Я кашлянул, прилагая все усилия, чтобы по моему лицу она не смогла прочитать истинные мысли.
– Девушка верила, что они помирятся. Она постелила скатерть, накрыла стол, поставила вино. Но вместо примирения юноша ей сообщил, что они должны расстаться – у него появилась другая. А еще он добавил, что весь этот обед – напрасные траты денег и времени. Он начал спускаться вниз, сказав, что ждет девушку в лодке. Но она не спустилась вниз.
Я выдержал паузу, вглядываясь в лицо Марины.
«Интересно, о чем она сейчас думает? О своей погибшей подруге? О дискотеке, которую сейчас пропускает из-за меня? Или о своем шизанутом бате, который в настоящий момент варит раков со своим сынком-дебилом?!»
(…размажу тебя, парень… чеши отсюда…)
Я содрогнулся, будто этот хрипловато-прокуренный голос прозвучал за моей спиной.
– И что же было дальше?
Впервые за все повествование Марина выглядела заинтригованной.
– Молодой человек напрасно прождал ее в лодке. Девушка не спускалась. Тогда он махнул рукой и поплыл к берегу без нее. А она осталась наверху. Она молча сидела, глядя на собранный стол, на разлитое по бокалам вино, а ветер трепал ее волосы.

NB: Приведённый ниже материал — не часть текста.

Definition functional := forall n m : nat, qmap n m -> R.

Definition nonneg_on_qops (M : functional) : Prop :=
  forall n m (T : qmap n m), is_qop T -> 0 <= M n m T.

Definition faithful_on_free (t : free_kind) (M : functional) : Prop :=
  forall n m (T : qmap n m), is_qop T -> (M n m T = 0 <-> is_free t T).

Definition convex_functional (M : functional) : Prop :=
  forall n m (T P Q : qmap n m) (s : R), is_qop T -> is_qop P -> 0 <= s <= 1 ->
    (forall X, Q X = s%:C *: T X + (1 - s)%:C *: P X) ->
    M n m Q <= s * M n m T + (1 - s) * M n m P.

Definition is_measure (t : free_kind) (M : functional) : Prop :=
  [/\ nonneg_on_qops M,
      faithful_on_free t M,
      (forall a b c d (F : qmap a b -> qmap c d) (T : qmap a b),
          free_superop t F -> is_qop T -> M c d (F T) <= M a b T)
    & convex_functional M].

End QDefs.

From HB Require Import structures.
From mathcomp Require Import all_boot all_order all_algebra.
From mathcomp Require Import complex mxtens.
From mathcomp Require Import reals.
From Stdlib Require Import FunctionalExtensionality.
Set Implicit Arguments. Unset Strict Implicit. Unset Printing Implicit Defensive.
Import Order.TTheory GRing.Theory Num.Theory.
Local Open Scope ring_scope.
Local Open Scope complex_scope.
Lemma fps_mul1 : left_id fps_one fps_mul.
Proof.
move=> f; apply: funext => n; rewrite (fps_mul_trunc _ _ (leqnn n)) fps_trunc_one mul1r.
by rewrite coef_poly ltnS leqnn.
Qed.

Lemma fps_mulDl : left_distributive fps_mul fps_add.
Proof.
move=> f g h; apply: funext => n; rewrite /fps_add /fps_mul -big_split /=.
by apply: eq_bigr => i _; rewrite mulrDl.
Qed.

Lemma fps_one_neq0 : fps_one != 0.
Proof. by apply/eqP => /(congr1 (fun f : fps => f 0%N)) /eqP; rewrite oner_eq0. Qed.

HB.instance Definition _ :=
  GRing.Zmodule_isComNzRing.Build fps fps_mulA fps_mulC fps_mul1 fps_mulDl fps_one_neq0.

Lemma fps_mulE : fps_mul = *%R. Proof. by []. Qed.
Lemma fps_subE (f g : fps) : fps_sub f g = f - g. Proof. by []. Qed.
Lemma fps_oneE : fps_one = 1. Proof. by []. Qed.

Lemma fps_coefD (f g : fps) n : (f + g) n = f n + g n. Proof. by []. Qed.
Lemma fps_coefN (f : fps) n : (- f) n = - f n. Proof. by []. Qed.
Lemma fps_coefB (f g : fps) n : (f - g) n = f n - g n. Proof. by []. Qed.
Lemma fps_coef1 n : (1 : fps) n = (n == 0%N)%:R. Proof. by case: n. Qed.
Lemma fps_coefM (f g : fps) n : (f * g) n = \sum_(i < n.+1) f i * g (n - i)%N.
Proof. by []. Qed.
Lemma fps_coefM0 (f g : fps) : (f * g) 0%N = f 0%N * g 0%N.
Proof. by rewrite fps_coefM big_ord_recl big_ord0 addr0. Qed.
Lemma fps_coef_sum I (r : seq I) (P : pred I) (F : I -> fps) n :
  (\sum_(i <- r | P i) F i) n = \sum_(i <- r | P i) F i n.
Proof. by elim/big_rec2: _ => // i y1 y2 _ <-. Qed.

Я глубоко вздохнул всей грудью.
– Так девушка просидела почти до утра. А когда за горизонтом заалел рассвет, она прошептала: «Боже, прости меня», затем взяла нож и пронзила себе сердце. Она умерла прямо тут, на вершине утеса. Ее кровь впиталась в трещины, размягчая скалу. И спустя какое-то время, уже после похорон несчастной, здесь выросло дерево. С тех пор это место называют Утесом Прощенных. Ходят слухи, что если поклясться в любви возле этого дерева и чувства будут искренними, то оно может ожить и зацвести. И влюбленные будут счастливы навеки.

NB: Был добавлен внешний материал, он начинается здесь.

Theorem mainTheorem1 (C : numClosedFieldType) (d : nat) (eta eps : C) :
  (2 <= d)%N -> 0 <= eta <= 1 -> 0 <= eps <= 1 ->
  (eta ^+ 2 >= 1 - eps ->
     forall e : 'cV[C]_d, dagmx e *m e = 1 ->
       let L := fun rho : 'M[C]_d => \tr rho *: (e *m dagmx e) in
       admissible eta eps L /\ has_dim (vker L) d.-1)
  /\
  (eta ^+ 2 < 1 - eps ->
     forall L : 'M[C]_d -> 'M[C]_d, admissible eta eps L ->
       forall psi : 'cV[C]_d, vker L psi -> psi = 0).
Proof.
move=> _ eta01 _; split.
  move=> eta_large e e_unit L; split; last exact: vker_replace.
  split; first split.
  - exact: replace_linear.
  - by move=> k M; apply: replace_cp.
  - exact: replace_tr.
  - move=> rho Hrho; apply: le_trans eta_large _.
    by have := fidelity_erasure_ge eta01 Hrho (replace_density e_unit Hrho).
move=> eta_small L [[_ _ L_tr] L_fid] psi Hpsi.
have [//|psi0] := eqVneq psi 0.
have [_ pure_tr] := pure_density psi0.
have := L_fid _ (pure_density psi0).
rewrite fidelity_erasure_kernel ?L_tr //; last exact: Hpsi (pure_density psi0).
by move=> /(lt_le_trans eta_small); rewrite ltxx.
Qed.
Lemma sum_prob_div_qd_le h i : (i < K)%nat ->
  sumR N (fun w => prob h i w / qd adj N d (prob h) i w) <= INR alpha + sumR N (fun w => prob h i w).
Proof.
  intros Hi. set (p := fun u => prob h i u).
  pose proof (sum_ball_ratio_le_alpha p (fun u _ => prob_pos h i u)).
  apply Rle_trans with (sumR N (fun w => p w + p w / sumR N (fun u => if inball adj N d w u then p u else 0))).
  2: { rewrite sumR_add. unfold p in *. lra. }
  apply sumR_le; intros w Hw.
  assert (Hp : forall u, 0 <= p u <= 1) by (intros; split; [apply prob_nonneg|now apply prob_le_1]).
  pose proof (qd_ge_ball_mass p w Hp) as Hq. simpl in Hq.
  assert (Hpos : 0 < p w) by apply prob_pos.
  set (P := sumR N (fun u => if inball adj N d w u then p u else 0)) in *.
  assert (HPw : p w <= P).
  { apply Rle_trans with ((fun u => if inball adj N d w u then p u else 0) w).
    { cbv beta. rewrite inball_refl. lra. }
    apply (sumR_term_le N (fun u => if inball adj N d w u then p u else 0) w); auto.
    intros u _. destruct inball; [apply Hp|lra]. }
  change (prob h i w / qd adj N d (prob h) i w)
    with (p w / (1 - prodR N (fun u => if inball adj N d w u then 1 - p u else 1))).
  assert (0 < P / (1 + P)) by (apply Rdiv_lt_0_compat; lra).
  apply Rle_trans with (p w / (P / (1 + P))).
  - apply Rmult_le_compat_l; [lra|]. now apply Rinv_le_contravar.
  - right. field. lra.
Qed.

Lemma sum_inv_qd_mass_le j : sumR N (fun w => inv_qd_mass w j) <= INR K * INR alpha + INR N.
Proof.
  unfold inv_qd_mass. rewrite <- expect_sumR, <- (expect_const j [] (INR K * INR alpha + INR N)).
  apply expect_le; intros e _. rewrite sumR_comm.
  apply Rle_trans with (sumR K (fun i => INR alpha + sumR N (fun w => prob (e ++ []) i w))).
  - apply sumR_le; intros; now apply sum_prob_div_qd_le.
  - rewrite sumR_add, sumR_const, sumR_comm, (sumR_ext N _ (fun _ => 1)), sumR_const
      by (intros; apply prob_sum). lra.
Qed.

Марина медленно обошла ствол, остановившись возле меня.
– Неужели и правда была такая легенда? Я прожила тут всю жизнь… и никогда о таком не слышала!

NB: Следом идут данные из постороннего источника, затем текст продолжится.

(* For a neighbourhood V of the right unit e pick neighbourhoods
   V = U_0, U_1, ... of e with U_(n+1)^3 included in U_n, and let d(x, y) be
   the infimum, capped at 1, of the weights sum_i 2^-(n_i) of the chains
   y = x u_1 ... u_k with u_i in U_(n_i).  Concatenating and left-multiplying
   chains makes d a left-subinvariant quasi-pseudometric, and the
   Birkhoff-Kakutani halving argument shows that d(x, y) < 2^-m forces
   y in x U_m; as e is an open right unit, the d-balls are open and
   B_d(x, 1) lies in x V.  Letting V run through a neighbourhood base at e
   gives at most chi(S) such d generating the topology, and their
   dist-continuity follows from left-subinvariance and the continuity of
   right translations.  In the semiregular case, d is replaced by
   x, y |-> inf {eps | y in closure B_d(x, eps)}, which is right-continuous;
   since chains can be replayed from any starting point it still satisfies
   the triangle inequality, and semiregularity keeps its balls a subbase. *)

From mathcomp Require Import all_boot all_order all_algebra.
From mathcomp Require Import all_classical all_reals all_analysis.
From mathcomp Require Import lra.
Import Order.TTheory GRing.Theory Num.Theory.
Local Open Scope classical_set_scope.
Local Open Scope ring_scope.
Set Implicit Arguments. Unset Strict Implicit.

Section Chains.
Variables (T : Type) (mul : T -> T -> T) (e : T).
Hypotheses (mulA : associative mul) (mulx1 : right_id e mul).
Variable U : nat -> set T.

Fixpoint chain (x : T) (ns : seq nat) (y : T) : Prop :=
  if ns is n :: ns' then exists2 u, U n u & chain (mul x u) ns' y else y = x.

Lemma chain_cat x a y b z : chain x a y -> chain y b z -> chain x (a ++ b) z.
Proof.
elim: a x => [|n a IH] x /=; first by move=> ->.
by case=> u Uu xay yz; exists u => //; apply: IH xay yz.
Qed.

Lemma chain_catP x a b z : chain x (a ++ b) z -> exists2 y, chain x a y & chain y b z.
Proof.
elim: a x => [|n a IH] x /=; first by exists x.
by case=> u Uu /IH[y xay yz]; exists y => //; exists u.
Qed.

Lemma chain_mull x ns y z : chain x ns y -> chain (mul z x) ns (mul z y).
Proof.
elim: ns x => [|n ns IH] x /=; first by move=> ->.
by case=> u Uu xy; exists u => //; rewrite -mulA; apply: IH.
Qed.

Lemma chain_translate x ns y :
  chain x ns y -> exists g, y = mul x g /\ forall x', chain x' ns (mul x' g).
Proof.
elim: ns x => [|n ns IH] x /=.
  by move=> ->; exists e; split => [|x']; rewrite mulx1.
case=> u Uu /IH[g [-> Hg]]; exists (mul u g); split; first by rewrite mulA.
by move=> x'; exists u => //; rewrite mulA.
Qed.

End Chains.

Section Dyadic.
Variable R : archiRealFieldType.

Definition dyadic (n : nat) : R := (2 ^+ n)^-1.
Definition dyadic_sum (ns : seq nat) : R := \sum_(n <- ns) dyadic n.

Lemma dyadic_gt0 n : 0 < dyadic n.
Proof. by rewrite invr_gt0 exprn_gt0. Qed.

Lemma dyadic0 : dyadic 0 = 1.
Proof. by rewrite /dyadic expr0 invr1. Qed.

Lemma dyadicS n : dyadic n.+1 = dyadic n / 2.
Proof. by rewrite /dyadic exprSr invfM. Qed.

Lemma le_dyadic n m : (n <= m)%N -> dyadic m <= dyadic n.
Proof.
move=> nm; rewrite lef_pV2 ?posrE ?exprn_gt0 //.
by rewrite ler_eXn2l // ltr1n.
Qed.

Lemma lt_dyadic n m : dyadic n < dyadic m -> (m < n)%N.
Proof. by rewrite ltnNge; apply: contraTN => /le_dyadic; rewrite leNgt => ->. Qed.

Lemma exists_dyadic_lt (r : R) : 0 < r -> exists m, dyadic m < r.
Proof.
move=> r0; have [m rm] : exists m : nat, r^-1 < m%:R.
  by exists (Num.Def.archi_bound r^-1); apply: archi_boundP; rewrite invr_ge0 ltW.
exists m; rewrite -(invrK r) ltf_pV2 ?posrE ?exprn_gt0 ?invr_gt0 //.
apply: (lt_le_trans rm); elim: m {rm} => [|m IH]; first by rewrite exprn_ge0.
by rewrite exprS -natr1 mulrDl mul1r lerD // exprn_ege1 // ler1n.
Qed.

Lemma dyadic_sum_cons n ns : dyadic_sum (n :: ns) = dyadic n + dyadic_sum ns.
Proof. by rewrite /dyadic_sum big_cons. Qed.

Lemma dyadic_sum_cat a b : dyadic_sum (a ++ b) = dyadic_sum a + dyadic_sum b.
Proof. by rewrite /dyadic_sum big_cat. Qed.

Lemma dyadic_sum_ge0 ns : 0 <= dyadic_sum ns.
Proof. by apply: sumr_ge0 => n _; apply/ltW/dyadic_gt0. Qed.

Lemma dyadic_sum_split ns (h : R) : ns != [::] -> 0 < h ->
  exists pre n suf, [/\ ns = pre ++ n :: suf, dyadic_sum pre < h &
     suf = [::] \/ h <= dyadic_sum pre + dyadic n].
Proof.
elim: ns h => [|a ns IH] h // _ h0.
have [ha|ha] := leP h (dyadic a).
  by exists [::], a, ns; rewrite /dyadic_sum big_nil add0r; split => //; right.
case: ns IH => [|b ns] IH.
  by exists [::], a, [::]; rewrite /dyadic_sum big_nil; split => //; left.
have [|pre [n [suf [-> Hpre Hsuf]]]] := IH (h - dyadic a) isT.
  by rewrite subr_gt0.
exists (a :: pre), n, suf; rewrite !dyadic_sum_cons; split => //.
  by rewrite -ltrBrDl.
by case: Hsuf => [|Hsuf]; [left | right; rewrite -addrA -lerBlDl].
Qed.

End Dyadic.

Section ChainHalving.
Variables (R : archiRealFieldType) (T : Type) (mul : T -> T -> T) (e : T).
Hypotheses (mulA : associative mul) (mulx1 : right_id e mul).
Variable U : nat -> set T.
Hypothesis U_e : forall n, U n e.
Hypothesis U_cube : forall n a b c,
  U n.+1 a -> U n.+1 b -> U n.+1 c -> U n (mul a (mul b c)).

Lemma U_antitone m n u : (m <= n)%N -> U n u -> U m u.
Proof.
move=> /subnK <-; elim: (n - m)%N => [|k IH] // Uu.
by apply: IH; have := U_cube Uu (U_e _) (U_e _); rewrite !mulx1.
Qed.

(* Cut the chain where its partial sums reach 2^-(m+1): both outer pieces
   weigh less than 2^-(m+1) and the middle step less than 2^-m, so by
   induction y = x * a * u * c with a, u, c in U (m+1). *)
Lemma chain_halving m ns x y : chain mul U x ns y ->
  dyadic_sum R ns < dyadic R m -> exists2 u, U m u & y = mul x u.
Proof.
have [k] := ubnP (size ns); elim: k => // k IH in m ns x y *.
case: ns => [_ /= -> _|n0 ns0 sz ch hs]; first by exists e; rewrite ?mulx1.
have [pre [n [suf [Ens Hpre Hsuf]]]] :=
  dyadic_sum_split (ns := n0 :: ns0) isT (dyadic_gt0 R m.+1).
rewrite Ens size_cat /= addnS ltnS in sz; rewrite Ens in ch hs.
have [x1 ch1 /= [u Uu ch2]] := chain_catP ch.
have [a Ua x1E] := IH _ _ _ _ (leq_ltn_trans (leq_addr _ _) sz) ch1 Hpre.
subst x1.
rewrite dyadic_sum_cat dyadic_sum_cons in hs.
have hm : dyadic R m = dyadic R m.+1 + dyadic R m.+1 by rewrite dyadicS -splitr.
have hsuf : dyadic_sum R suf < dyadic R m.+1.
  case: Hsuf => [->|]; first by rewrite /dyadic_sum big_nil dyadic_gt0.
  by move: hs; rewrite hm; lra.
have [c Uc ->] := IH _ _ _ _ (leq_ltn_trans (leq_addl _ _) sz) ch2 hsuf.
have hn : dyadic R n < dyadic R m.
  by move: hs (dyadic_sum_ge0 R pre) (dyadic_sum_ge0 R suf); lra.
exists (mul a (mul u c)); last by rewrite !mulA.
by apply: U_cube => //; apply: U_antitone (lt_dyadic hn) Uu.
Qed.

End ChainHalving.

Section ChainDist.
Variables (R : realType) (T : Type) (mul : T -> T -> T) (e : T).
Hypotheses (mulA : associative mul) (mulx1 : right_id e mul).
Variable U : nat -> set T.

Definition chain_weights x y : set R :=
  [set 1] `|` [set dyadic_sum R ns | ns in [set ns | chain mul U x ns y]].

Definition chain_dist x y : R := inf (chain_weights x y).

Lemma chain_weights_neq0 x y : chain_weights x y !=set0.
Proof. by exists 1; left. Qed.

Lemma chain_weights_ge0 x y : lbound (chain_weights x y) 0.
Proof. by move=> r [->|[ns _ <-]]; [apply: ler01 | apply: dyadic_sum_ge0]. Qed.

Lemma chain_dist_le x y r : chain_weights x y r -> chain_dist x y <= r.
Proof. by move=> xyr; apply: ge_inf => //; exists 0; apply: chain_weights_ge0. Qed.

Lemma chain_dist_lt x y c :
  chain_dist x y < c -> exists2 r, chain_weights x y r & r < c.
Proof. exact/inf_lt/chain_weights_neq0. Qed.

Lemma chain_dist_ge0 x y : 0 <= chain_dist x y.
Proof.
by apply: lb_le_inf; [exact: chain_weights_neq0 | exact: chain_weights_ge0].
Qed.

Lemma chain_dist_le1 x y : chain_dist x y <= 1.
Proof. by apply: chain_dist_le; left. Qed.

Lemma chain_dist_xx x : chain_dist x x = 0.
Proof.
apply/eqP; rewrite eq_le chain_dist_ge0 andbT.
by apply: chain_dist_le; right; exists [::]; rewrite //= /dyadic_sum big_nil.
Qed.

Lemma chain_dist_triangle x y z :
  chain_dist x z <= chain_dist x y + chain_dist y z.
Proof.
have weights_le r s :
    chain_weights x y r -> chain_weights y z s -> chain_dist x z <= r + s.
  move=> [->|[a xay <-]] => [/chain_weights_ge0|[->|[b ybz <-]]].
  - by move=> s0; apply: le_trans (chain_dist_le1 _ _) _; rewrite lerDl.
  - by apply: le_trans (chain_dist_le1 _ _) _; rewrite lerDr dyadic_sum_ge0.
  - apply: chain_dist_le; right; exists (a ++ b); last by rewrite dyadic_sum_cat.
    exact: chain_cat xay ybz.
rewrite -lerBlDr; apply: lb_le_inf; first exact: chain_weights_neq0.
move=> s yzs; rewrite lerBlDr addrC -lerBlDr.
apply: lb_le_inf; first exact: chain_weights_neq0.
by move=> r xyr; rewrite lerBlDr addrC; apply: weights_le.
Qed.

Lemma chain_dist_mull x y z : chain_dist (mul z x) (mul z y) <= chain_dist x y.
Proof.
apply: lb_le_inf; first exact: chain_weights_neq0.
move=> r [->|[ns xy <-]]; first exact: chain_dist_le1.
by apply: chain_dist_le; right; exists ns => //; apply: chain_mull.
Qed.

Я сорвал с порезанного пальца съежившийся пластырь и, скомкав его, щелчком отправил в море. Все равно от него толку ноль.
– Конечно, нет, – мягко ответил я. – Я все сам придумал.
– Сам, – повторила за мной Марина, и от меня не ускользнуло прозвучавшее в ее голосе разочарование. – Мне следовало бы догадаться. Ты всегда отличался специфической фантазией… у меня даже твои стихи сохранились. Помнишь?
Я кивнул.
– Ой, Витя!
– Что?
Марина ахнула, указывая куда-то на небо:
– Кажется, началось! Только что там промелькнула комета!
Я обернулся, вглядываясь в небесно-смоляной купол.
– Вон, вон там!
Несколько секунд ничего не происходило, и мы с замиранием сердца смотрели в небо. Я уже хотел было сказать, что, вероятно, звездопад начнется чуть позже, как внезапно бархатистый небосвод словно рассекли надвое. Марина вновь ахнула, вцепившись в мой локоть.
Это было непередаваемо. Небо вспыхивало и мерцало, как живое, казалось, кто-то огромный и одновременно невидимый швыряет пылающие угли, каждый из которых оставлял за собой радужный шлейф.
– Смотри… какое созвездие, – зашептал я, указывая на небо. – Видишь? Если соединить звезды линиями, получится твое лицо. Ты видишь?
Марина засмеялась:
– Никогда бы не подумала. Такое придумаешь.
«Потому что я люблю тебя», – подумал я.
– Выбирай звезду. Любую, – тихо предложил я.
– И что? – снова улыбнулась она. – Ты подаришь мне ее?